Radiation damages the ovaries in a dose-dependent manner. The ovary is exquisitely sensitive to radiation โ as little as 2 Gy can destroy 50% of the primordial follicle pool, and doses above 8 Gy typically cause permanent ovarian failure. Whole abdominal radiation, pelvic radiation for cervical or rectal cancer, and spinal radiation can all affect ovarian function significantly. Radiation to the uterus can also impair the uterine lining's ability to sustain a pregnancy, causing scarring and reduced blood flow even if eggs are successfully frozen and fertilised later.

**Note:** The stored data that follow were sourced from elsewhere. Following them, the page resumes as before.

(* Three doublings starting from [0, 1/8] reach [0, 1]. *)
Lemma expR_quad_pos (y : R) : 0 <= y <= 1 -> expR y <= 1 + y + y ^+ 2.
Proof.
have weaken (r r' : R) (P : R -> Prop) : r' <= r ->
    (forall z, 0 <= z <= r -> P z) -> forall z, 0 <= z <= r' -> P z.
  by move=> rr' hP z /andP[z0 zr]; apply: hP; apply/andP; split; lra.
have to_1_4 := @expR_quad_double (8/7) (9/10) (1/8) ltac:(lra) ltac:(lra)
  ltac:(lra) expR_quad_small.
have to_1_2 := @expR_quad_double (9/10) (83/100) (1/4) ltac:(lra) ltac:(lra)
  ltac:(lra) (weaken (2 * (1/8)) (1/4) _ ltac:(lra) to_1_4).
have to_1 := @expR_quad_double (83/100) 1 (1/2) ltac:(lra) ltac:(lra)
  ltac:(lra) (weaken (2 * (1/4)) (1/2) _ ltac:(lra) to_1_2).
move=> hy; rewrite -[y ^+ 2]mul1r; apply: to_1.
by move: hy => /andP[? ?]; apply/andP; split; lra.
Qed.

Lemma expR_quad (y : R) : -1 <= y <= 1 -> expR y <= 1 + y + y ^+ 2.
Proof.
move=> /andP[y_ge y_le]; case: (lerP y 0) => y0.
  by apply: expR_quad_neg; apply/andP.
by apply: expR_quad_pos; rewrite y_le ltW.
Qed.

End ExpQuadraticBound.

Lemma expR_concave_step (R : realType) (t lambda D C : R) :
  -1 <= t <= 1 -> 0 <= lambda <= 1 -> -1 <= D <= 1 -> C <= 0 ->
  expR (lambda * (t * D + t ^+ 2 * C)) <= 1 + lambda * t * D + (lambda * t * D) ^+ 2.
Proof.
move=> /andP[t_ge t_le] /andP[l0 l1] /andP[D_ge D_le] C0.
apply: (le_trans (y := expR (lambda * t * D))).
  rewrite ler_expR mulrDr mulrA gerDl.
  by apply: mulr_ge0_le0 => //; apply: mulr_ge0_le0 => //; exact: sqr_ge0.
have unit_norm (u : R) : -1 <= u <= 1 -> `|u| <= 1 by rewrite ler_norml.
apply: expR_quad; rewrite -ler_norml !normrM.
have ? : `|lambda| <= 1 by rewrite ger0_norm.
have ? : `|t| <= 1 by apply: unit_norm; apply/andP.
have ? : `|D| <= 1 by apply: unit_norm; apply/andP.
by rewrite !mulr_ile1 ?mulr_ge0.
Qed.

(* Two-point exponential moment bound: the random step x' = x + β d with
   probability γ/(β+γ), x - γ d with probability β/(β+γ), has mean zero; since
   F is concave along d its exponential moment is at most exp(λ²βγD²). *)
Lemma two_point_expR_bound (R : realType) (beta gamma lambda D C : R) :
  0 <= beta -> 0 <= gamma -> 0 < beta + gamma -> beta + gamma <= 1 ->
  0 <= lambda <= 1 -> -1 <= D <= 1 -> C <= 0 ->
  gamma / (beta + gamma) * expR (lambda * (beta * D + beta ^+ 2 * C)) +
  beta / (beta + gamma) * expR (lambda * ((- gamma) * D + (- gamma) ^+ 2 * C))
  <= expR (lambda ^+ 2 * beta * gamma * D ^+ 2).
Proof.
move=> b0 g0 bg0 bg1 hl hD C0.
have E_beta := expR_concave_step (t := beta) ltac:(apply/andP; split; lra) hl hD C0.
have E_gamma := expR_concave_step (t := - gamma) ltac:(apply/andP; split; lra) hl hD C0.
have p0 : 0 <= gamma / (beta + gamma) by apply: divr_ge0 => //; exact: ltW.
have q0 : 0 <= beta / (beta + gamma) by apply: divr_ge0 => //; exact: ltW.
apply: le_trans (lerD (ler_wpM2l p0 E_beta) (ler_wpM2l q0 E_gamma)) _.
have -> : gamma / (beta + gamma) * (1 + lambda * beta * D + (lambda * beta * D) ^+ 2)
   + beta / (beta + gamma) * (1 + lambda * - gamma * D + (lambda * - gamma * D) ^+ 2)
   = 1 + lambda ^+ 2 * beta * gamma * D ^+ 2.
  by field; rewrite lt0r_neq0.
exact: expR_ge1Dx.
Qed.

Theorem mainTheorem10 (R : realType) (n k : nat) (f : ktuple n k -> R)
  (x : 'M[R]_(n, k)) (i1 i2 : 'I_n) (j1 j2 : 'I_k) (beta gamma lambda : R) :
  (0 < k)%N ->
  ksubmodular f -> kmonotone f -> marginals_in01 f ->
  inP x -> (i1, j1) != (i2, j2) ->
  0 <= beta -> 0 <= gamma -> 0 < beta + gamma -> beta + gamma <= 1 ->
  inP (x + beta *: (delta_mx i1 j1 - delta_mx i2 j2)) ->
  inP (x - gamma *: (delta_mx i1 j1 - delta_mx i2 j2)) ->
  0 <= lambda <= 1 ->
  let F := multilin f in
  let d := delta_mx i1 j1 - delta_mx i2 j2 in
  gamma / (beta + gamma) * expR (lambda * (F x - F (x + beta *: d))) +
  beta / (beta + gamma) * expR (lambda * (F x - F (x - gamma *: d)))
  <= expR (lambda ^+ 2 * beta * gamma *
           (partialF F i2 j2 x - partialF F i1 j1 x) ^+ 2).
Proof.
move=> _ hs _ hm hx _ b0 g0 bg0 bg1 _ _ hl /=.
set F := multilin f; set d := delta_mx i1 j1 - delta_mx i2 j2.
have [C C0 F_line] := multilin_line i1 j1 i2 j2 hx hs.
rewrite !partialF_multilin.
set D := slope f x i2 j2 - slope f x i1 j1.
have D11 : -1 <= D <= 1.
  have /andP[? ?] := slope_in01 i1 j1 hx hm.
  have /andP[? ?] := slope_in01 i2 j2 hx hm.
  by apply/andP; split; rewrite /D; lra.
have -> : F x - F (x + beta *: d) = beta * D + beta ^+ 2 * C.
  by rewrite /F F_line /D; ring.
have -> : F x - F (x - gamma *: d) = (- gamma) * D + (- gamma) ^+ 2 * C.
  by rewrite /F -scaleNr F_line /D; ring.
exact: two_point_expR_bound.
Qed.
(* Let $E$ be a Fréchet space with increasing fundamental system of seminorms $(p_{\alpha_n})_{n\in\mathbb{N}}$, and let $B_n:=B_{\alpha_n}^\circ$ where $B_{\alpha_n}:=\{x\in E:p_{\alpha_n}(x)<1\}$, $n\in\mathbb{N}$. Let $(T^{E}_{m},T^{\mathbb{K}}_{m})_{m\in\mathcal{M}}$ be a strong, consistent family for $(\mathcal{FV},E)$, let $\mathcal{FV}(\Omega)$ be a semi-Montel space and $U$ a set of uniqueness for $\mathcal{FV}(\Omega)$. Then the restriction map \[ R_{U,E'}\colon S(\mathcal{FV}(\Omega)\varepsilon E)\to\mathcal{FV}_{E'}(U,E)_{sb},\quad f\mapsto (T^E_m(f)(x))_{(m,x)\in U}, \] is surjective.
   Context: $\mathbb{K}\in\{\mathbb{R},\mathbb{C}\}$; $E'$ is the dual of $E$ and $B^\circ$ denotes the polar in $E'$. Semi-Montel: bounded sets are relatively compact. Weighted function spaces: Let $\Omega,J,L$ be non-empty sets, $(M_l)_{l\in L}$ non-empty sets and $\mathcal{V}=((\nu_{j,l,m})_{m\in M_l})_{j\in J,l\in L}$ functions $\nu_{j,l,m}\colon\Omega\to[0,\infty)$ such that for all $x\in\Omega$, $l\in L$ there is $j$ with $\nu_{j,l,m}(x)>0$ for all $m\in M_l$. Let $\mathcal{M}_{\mathrm{top}}:=\bigcup_lM_l$, and $\mathcal{M}_0,\mathcal{M}_r$ sets, the three pairwise disjoint, $\mathcal{M}$ their union; $(\omega_m)_{m\in\mathcal{M}}$ non-empty sets with $\Omega\subset\omega_m$ for $m\in\mathcal{M}_{\mathrm{top}}$. For $F\in\{E,\mathbb{K}\}$ (with seminorms $(p_{\alpha_n})$ on $E$, $|\cdot|$ on $\mathbb{K}$) let $T^F_m\colon\operatorname{dom}T^F_m\subset F^\Omega\to F^{\omega_m}$ be linear. $\mathcal{FV}(\Omega,F)$ is the set of $f\in\bigcap_{m\in\mathcal{M}}\operatorname{dom}T^F_m\cap\bigcap_{m\in\mathcal{M}_0}\ker T^F_m$ with $|f|_{j,l,\alpha}:=\sup_{x\in\Omega,m\in M_l}p_\alpha(T^F_m(f)(x))\nu_{j,l,m}(x)<\infty$ for all $j,l,\alpha$, with these seminorms; $\mathcal{FV}(\Omega):=\mathcal{FV}(\Omega,\mathbb{K})$; $T^F_{m,x}(f):=T^F_m(f)(x)$. A dom-space: seminorms directed and, in the scalar case, point evaluations $\delta_x$ continuous. $\mathcal{FV}(\Omega)\varepsilon E$: continuous linear maps $\mathcal{FV}(\Omega)'_\kappa\to E$ ($\kappa$: uniform convergence on absolutely convex compact sets), $S(u)(x):=u(\delta_x)$. With $\mathcal{FV}(\Omega)$, $\mathcal{FV}(\Omega,E)$ dom-spaces built from the same data with operators $T^{\mathbb{K}}_m$, $T^E_m$, the family is consistent if for all $u$, $m$, $x\in\omega_m$: $S(u)\in\operatorname{dom}T^E_m$, $T^{\mathbb{K}}_{m,x}|_{\mathcal{FV}(\Omega)}\in\mathcal{FV}(\Omega)'$ and $T^E_m(S(u))(x)=u(T^{\mathbb{K}}_{m,x})$; strong if for all $e'\in E'$, $f\in\mathcal{FV}(\Omega,E)$, $m$: $e'\circ f\in\operatorname{dom}T^{\mathbb{K}}_m$ and $T^{\mathbb{K}}_m(e'\circ f)=e'\circ T^E_m(f)$ on $\omega_m$. $U\subset\bigcup_m\{m\}\times\omega_m$ is a set of uniqueness for $\mathcal{FV}(\Omega)$ if $T^{\mathbb{K}}_{m,x}\in\mathcal{FV}(\Omega)'$ for $(m,x)\in U$ and $f\in\mathcal{FV}(\Omega)$ with $T^{\mathbb{K}}_m(f)(x)=0$ for all $(m,x)\in U$ is $0$. $\mathcal{FV}_{E'}(U,E)$ is the set of $f\colon U\to E$ such that for each $e'\in E'$ there is a (unique) $f_{e'}\in\mathcal{FV}(\Omega)$ with $T^{\mathbb{K}}_m(f_{e'})(x)=e'(f(m,x))$ for all $(m,x)\in U$; $\mathcal{FV}_{E'}(U,E)_{sb}$ is the set of such $f$ for which $\{f_{e'}:e'\in B_n\}$ is bounded in $\mathcal{FV}(\Omega)$ for every $n\in\mathbb{N}$. *)

From Stdlib Require List.
From HB Require Import structures.
From mathcomp Require Import all_boot all_order all_algebra reals complex.
Set Implicit Arguments. Unset Strict Implicit. Unset Printing Implicit Defensive.
Import Order.TTheory GRing.Theory Num.Theory.
Local Open Scope ring_scope.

Surgical removal of one or both ovaries (oophorectomy) for ovarian cancer, or bilateral salpingo-oophorectomy for gynaecological cancers, directly reduces or eliminates ovarian reserve. Hysterectomy (removal of the uterus) makes pregnancy impossible without a gestational carrier arrangement. Pelvic surgeries can also cause adhesions and damage to fallopian tubes. Even surgery that preserves the ovaries may reduce blood supply to ovarian tissue, affecting reserve. Fertility preservation โ ideally before surgery โ allows eggs or embryos to be stored before any surgical damage occurs.
Source: ASCO & ESMO Oncofertility Guidelines. Always confirm your specific regimen risk with both your oncologist and Dr. Prashanthi.
If you have been diagnosed with any of the following cancers and have not yet started treatment, fertility preservation should be discussed urgently with your oncologist and Dr. Prashanthi.
The best option for you depends on your cancer type, timeline, whether you have a partner, your age, and your ovarian reserve. Dr. Prashanthi will advise at your urgent consultation.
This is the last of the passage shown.